A laminated electrode having a surface area of m ² /g. 2. The electrode according to claim 1, wherein the activated carbon particles are catalyzed with a noble metal. 3. The electrode according to claim 2, wherein the noble metal catalyst is silver. 4. The electrode according to claim 2, wherein the noble metal catalyst is platinum. 5. The electrode of claim 1, wherein said matrix contains 25 to 35 parts by weight of polytetrafluoroethylene and 75 to 65 parts by weight of carbon black. 6. The electrode of claim 1, wherein the active layer contains a pore-forming filler. 7. The carbon black particles are 25 to 300 m ² /g.
An electrode according to claim 1 having a surface area in the range of . 8 Ash content less than 4% by weight, more than 500m ² /g
It consists of activated carbon particles with a BET surface area and a particle size of 1 to 30 microns, present in a matrix of fibrillated carbon black-polytetrafluoroethylene, with the active surface laminated to the current distributor and the opposite surface An electrode according to claim 1, wherein the electrode comprising an active layer laminated to a porous, cohesive, hydrophobic polytetrafluoroethylene-containing waterproof layer is a laminated oxygen cathode. 9. The electrode according to claim 8, wherein the activated carbon particles are catalyzed with a noble metal. 10. The electrode according to claim 9, wherein the noble metal catalyst is platinum. 11. The electrode according to claim 9, wherein the noble metal catalyst is silver. 12. Mix carbon black particles homogeneously with an aqueous dispersion of polytetrafluoroethylene particles, dry the resulting mixture at a temperature in the range of 250° to 325°C, and mix the thus dried polytetrafluoroethylene particles with carbon. Thoroughly demineralized activated carbon particles are thoroughly dispersed in a mixture with black particles, the activated carbon particles being catalyzed with a small amount of noble metal, and the activated carbon particles and the dried polytetrafluorocarbon particles being catalyzed with a small amount of noble metal. 40 of the activated carbon particles based on the combination of ethylene particles and carbon black particles.

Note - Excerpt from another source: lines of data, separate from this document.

Definition reliable (R : realFieldType) (d : R) n (g : n.-tuple bool -> bool) :=
  exists t : formula n,
    (forall x, fideal t x = g x) /\ (forall x, ferr_prob d t x <= 1 / 100).

Lemma reliable_all (R : realFieldType) (d : R) n (g : n.-tuple bool -> bool) :
  0 <= d -> d <= 1 / 1000 -> reliable d g.
Proof.
move=> d_ge0 d_le; apply: nand_closed_all => {g}.
- by move=> g h gh [t [tg t_err]]; exists t; split=> // x; rewrite -gh.
- move=> i; exists (FVar i); split=> // x; rewrite ferr_prob_gates0 //; lra.
- move=> b; exists (FConst n b); split=> // x; rewrite ferr_prob_gates0 //; lra.
move=> g h [s [sg s_err]] [t [th t_err]]; exists (nand3 s t); split=> x.
  by rewrite fideal_nand3 sg th.
exact: ferr_prob_nand3.
Qed.

Lemma err_prob_compile (R : realType) (d : R) n (t : formula n) f x :
  (0 < gates t)%N -> f x = fideal t x ->
  err_prob d (compile t 0).1 f x = ferr_prob d t x.
Proof.
move=> t_gt0 fx; rewrite /err_prob (expect_bits_tuple d _
  (fun l => (output (compile t 0).1 x (nth false l) != f x)%:R)) size_compile.
by apply: eq_expect_bits => l; rewrite output_compile // fx.
Qed.

Theorem theorem3p2 (R : realType) :
  exists delta0 : R, 0 < delta0 /\
    forall delta : R, 0 <= delta -> delta < delta0 ->
      exists eps : R, 0 < eps /\
        forall (n : nat) (f : n.-tuple bool -> bool),
          exists C : circuit n, circuit_wf C /\
            forall x : n.-tuple bool, err_prob delta C f x <= 1 / 2 - eps.
Proof.
exists (1 / 1000); split=> [|d d_ge0 d_lt]; first lra.
have d_le : d <= 1 / 1000 by apply: ltW.
exists (1 / 4); split=> [|n f]; first lra.
have [t [t_f t_err]] := reliable_all (fun x => ~~ f x) d_ge0 d_le.
have f_nand x : f x = fideal (nand3 t t) x by rewrite fideal_nand3 t_f andbb negbK.
have nand_gt0 : (0 < gates (nand3 t t))%N := gates_FMin_gt0 _ _ _.
exists (compile (nand3 t t) 0).1; split=> [|x]; first exact: circuit_wf_compile.
rewrite err_prob_compile //.
by apply: le_trans (ferr_prob_nand3 d_ge0 d_le (t_err x) (t_err x)) _; lra.
Qed.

forming a homogeneous mixture containing ~80% by weight, fibrillating said homogeneous mixture, forming said fibrillated mixture into an active layer, and laminating a current distributor on the working side of said active layer, and the opposite side thereof. consisting of laminating a porous, cohesive, hydrophobic polytetrafluoroethylene-containing waterproof layer on the
Manufacturing method for laminated electrodes. 13 The carbon black particles have a particle size ranging from 50 to 3000 angstroms and a particle size ranging from 25 to 300 angstroms.
13. A method according to claim 12 having a surface area in the range ^m2 /g. 14. The method of claim 13, wherein the carbon black is acetylene black. 15. The method of claim 12, wherein the activated carbon particles are silver catalyzed. 16. The method of claim 12, wherein the activated carbon particles are catalyzed with platinum. 17. The method of claim 12, wherein the activated carbon particles have a size in the range of 1 to 30 microns. 18 The polytetrafluoroethylene particles and carbon black particle components are the components of carbon black and polytetrafluoroethylene in the components.
13. The method of claim 12, containing 65 to 75 parts by weight of carbon black and 35 to 25 parts by weight of polytetrafluoroethylene per 100 parts by weight total. 19. The method of claim 12, wherein the total mixture contains 25 to 50% by weight of pore-forming filler.